Both forms reduce the immediate workload in $S_n$ and allow the system to prioritize latency-sensitive execution.

2. Underlying Principles

Deferring primarily uses:

• Removal: Tasks are taken out of the performance-critical sequence
• Reordering: Tasks are delayed within the sequence to a more favorable point

Unlike precomputing, which speculates early usefulness, deferring speculates that later execution will be cheaper, smarter, or possibly avoidable.

3. Conditions for Deferring

Deferring is effective when:

• A task is not immediately required to preserve correctness
• Postponement leads to more efficient execution or more informed decisions
• There is a chance the task will become unnecessary

A common condition is:

$$\text{len}(S_{\text{before}})>\text{len}(S_{\text{after}})\text{or}F(x_1,x_2)>F(x_2,x_1)$$

This means deferring $x_1$ to after $x_2$ leads to a better overall runtime.

4. When to Apply

We identify three typical strategies for applying deferring in real systems.

Prioritize the Performance-Sensitive Sequence

In some cases, tasks are delayed simply to avoid slowing down the main path. They are deferred to execute lazily after the critical sequence $S_n$ is finished, even if that means sacrificing some responsiveness later.

For example, a system may delay data durability checks or index updates until after the user-visible response is sent. This prioritizes fast response at the cost of later performance.

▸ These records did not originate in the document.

Lemma scdl_bins_ge_thresholds_ext pi al n i T t : (forall k, 0 <= pi k) ->
  pi n.+1 = 0 -> al n.+1 = 0 ->
  (i <= n.+1)%N -> i.+1%:R / n%:R <= T -> t <= i%:R / n%:R ->
  \sum_(0 <= j < i.+1) excess (al j) (pi j) T
  + \sum_(i.+1 <= j < n.+2) shortfall (al j) (pi j) t <= scdl_bins pi al n.
Proof.
move=> pi0 pitop altop.
rewrite (@sum_nat_recr0 _ i.+1 n.+1) ?pitop ?altop ?shortfall00 //.
rewrite leq_eqVlt ltnS => /orP[/eqP->|ni] hT ht; last first.
  exact: scdl_bins_ge_thresholds.
rewrite (big_nat_recr n.+1) //= pitop altop excess00 addr0 (big_geq (leqnSn n.+1)).
have hT' : n.+1%:R / n%:R <= T.
  by apply: le_trans hT; apply: ler_wpM2r; rewrite ?invr_ge0 // ler_nat.
have := scdl_bins_ge_thresholds pi al n n T (n%:R / n%:R) pi0 (leqnn n) hT' (lexx _).
by rewrite (big_geq (leqnn n.+1)).
Qed.

Lemma natr_double_div (a b : nat) : a.*2%:R / b.*2%:R = a%:R / b%:R :> R.
Proof. by rewrite -!mul2n !natrM invfM mulrACA divff ?mul1r // pnatr_eq0. Qed.

Definition refines X X' (m : nat) :=
  forall j, (j <= m)%N -> X j = X' j.*2 + X' j.*2.+1 / 2 + left_odd X' j / 2.

Lemma sum_refine_le (f : R -> R -> R) pi al pi' al' m lo hi :
  f 0 0 = 0 ->
  (forall a0 a1 a2 b0 b1 b2, f (a0 + a1 / 2 + a2 / 2) (b0 + b1 / 2 + b2 / 2) <=
                             f a0 b0 + f a1 b1 / 2 + f a2 b2 / 2) ->
  refines pi pi' m -> refines al al' m -> (lo <= hi <= m.+1)%N ->
  \sum_(lo <= j < hi) f (al j) (pi j) <=
  \sum_(lo.*2 <= k < hi.*2) f (al' k) (pi' k)
  + (left_odd (fun k => f (al' k) (pi' k)) lo
     - left_odd (fun k => f (al' k) (pi' k)) hi) / 2.
Proof.
move=> f00 f_mix hpi hal /andP[lohi him].
rewrite -(sum_refine (fun k => f (al' k) (pi' k))) //.
apply: ler_sum_nat => j /andP[_ jhi]; rewrite hpi ?hal; try lia.
have -> : left_odd (fun k => f (al' k) (pi' k)) j = f (left_odd al' j) (left_odd pi' j).
  by case: j {jhi} => [|j] /=.
exact: f_mix.
Qed.

Lemma scdl_bins_refine pi al pi' al' m : (forall k, 0 <= pi' k) ->
  pi' m.*2.+1 = 0 -> al' m.*2.+1 = 0 -> refines pi pi' m -> refines al al' m ->
  scdl_bins pi al m <= scdl_bins pi' al' m.*2.
Proof.
move=> pi'0 pitop altop hpi hal.
apply: scdl_bins_le => [|i im]; first exact: scdl_bins_ge0.
set T : R := i.+1%:R / m%:R; set t : R := i%:R / m%:R.
have ler_grid (a b : nat) : (a <= b)%N -> a%:R / m.*2%:R <= b%:R / m.*2%:R :> R.
  by move=> ab; apply: ler_wpM2r; rewrite ?invr_ge0 // ler_nat.
have eT : T = i.*2.+2%:R / m.*2%:R by rewrite -doubleS natr_double_div.
have et : t = i.*2%:R / m.*2%:R by rewrite natr_double_div.
have lower := @sum_refine_le (fun a b => excess a b T) _ _ _ _ _ 0 i.+1 (excess00 T)
  (fun _ _ _ _ _ _ => excess_mix_le _ _ _ _ _ _ T) hpi hal im.
have him : (i < m.+1 <= m.+1)%N by rewrite ltnS im /=.
have upper := @sum_refine_le (fun a b => shortfall a b t) _ _ _ _ _ i.+1 m.+1
  (shortfall00 t) (fun _ _ _ _ _ _ => shortfall_mix_le _ _ _ _ _ _ t) hpi hal him.
rewrite /= double0 doubleS (big_nat_recr i.*2.+1) //= in lower.
rewrite /= !doubleS pitop altop shortfall00 subr0 in upper.
have TA : i.*2.+1%:R / m.*2%:R <= T by rewrite eT; apply: ler_grid.
have TB : i.*2.+2%:R / m.*2%:R <= T by rewrite eT.
have tA : t <= i.*2%:R / m.*2%:R by rewrite et.
have tB : t <= i.*2.+1%:R / m.*2%:R by rewrite et; apply: ler_grid.
have iA : (i.*2 <= m.*2.+1)%N by rewrite leqW // leq_double.
have iB : (i.*2.+1 <= m.*2.+1)%N by rewrite ltnS leq_double.
have A := scdl_bins_ge_thresholds_ext pi' al' m.*2 i.*2 T t pi'0 pitop altop iA TA tA.
have B := scdl_bins_ge_thresholds_ext pi' al' m.*2 i.*2.+1 T t pi'0 pitop altop iB TB tB.
rewrite (@big_ltn _ _ _ i.*2.+1) in A; last lia.
rewrite (big_nat_recr i.*2.+1) //= in B.
rewrite /scdl_term -/T -/t; lra.
Qed.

Wait for Better Information

Deferring can be beneficial when a task can make a better decision later, with more complete or up-to-date context.

For example, a scheduler might defer assigning a task to a worker until more information about resource availability is available. This leads to better placement decisions and reduces the chance of needing to undo or reassign work.

Skip Work That May Become Unnecessary

Sometimes, a task may turn out to be irrelevant or unnecessary. Deferring gives the system a chance to observe whether the task still matters later — and skip it entirely if not.

For example, optimistic concurrency control defers the cost of managing locks until the moment a conflict actually occurs. This lazy approach assumes most transactions will not conflict and avoids lock overhead unless truly required. If no conflict arises, the system skips the entire concurrency resolution step, saving work.

5. Examples from Real Systems

Additional Notes

• Deferring is often paired with batching, since delayed tasks can be grouped and handled more efficiently later
• It reduces pressure on the critical path but can increase tail latency if not carefully managed

Up next: Relaxation →

Relaxation

Relaxation is a technique that improves performance by relaxing certain non-functional properties of a system. Instead of strictly preserving correctness guarantees like accuracy, consistency, or durability, the system chooses to weaken these guarantees in exchange for better speed, lower latency, or increased throughput.

Relaxation is especially powerful when exact correctness is not critical, or when approximate answers are good enough for the task at hand.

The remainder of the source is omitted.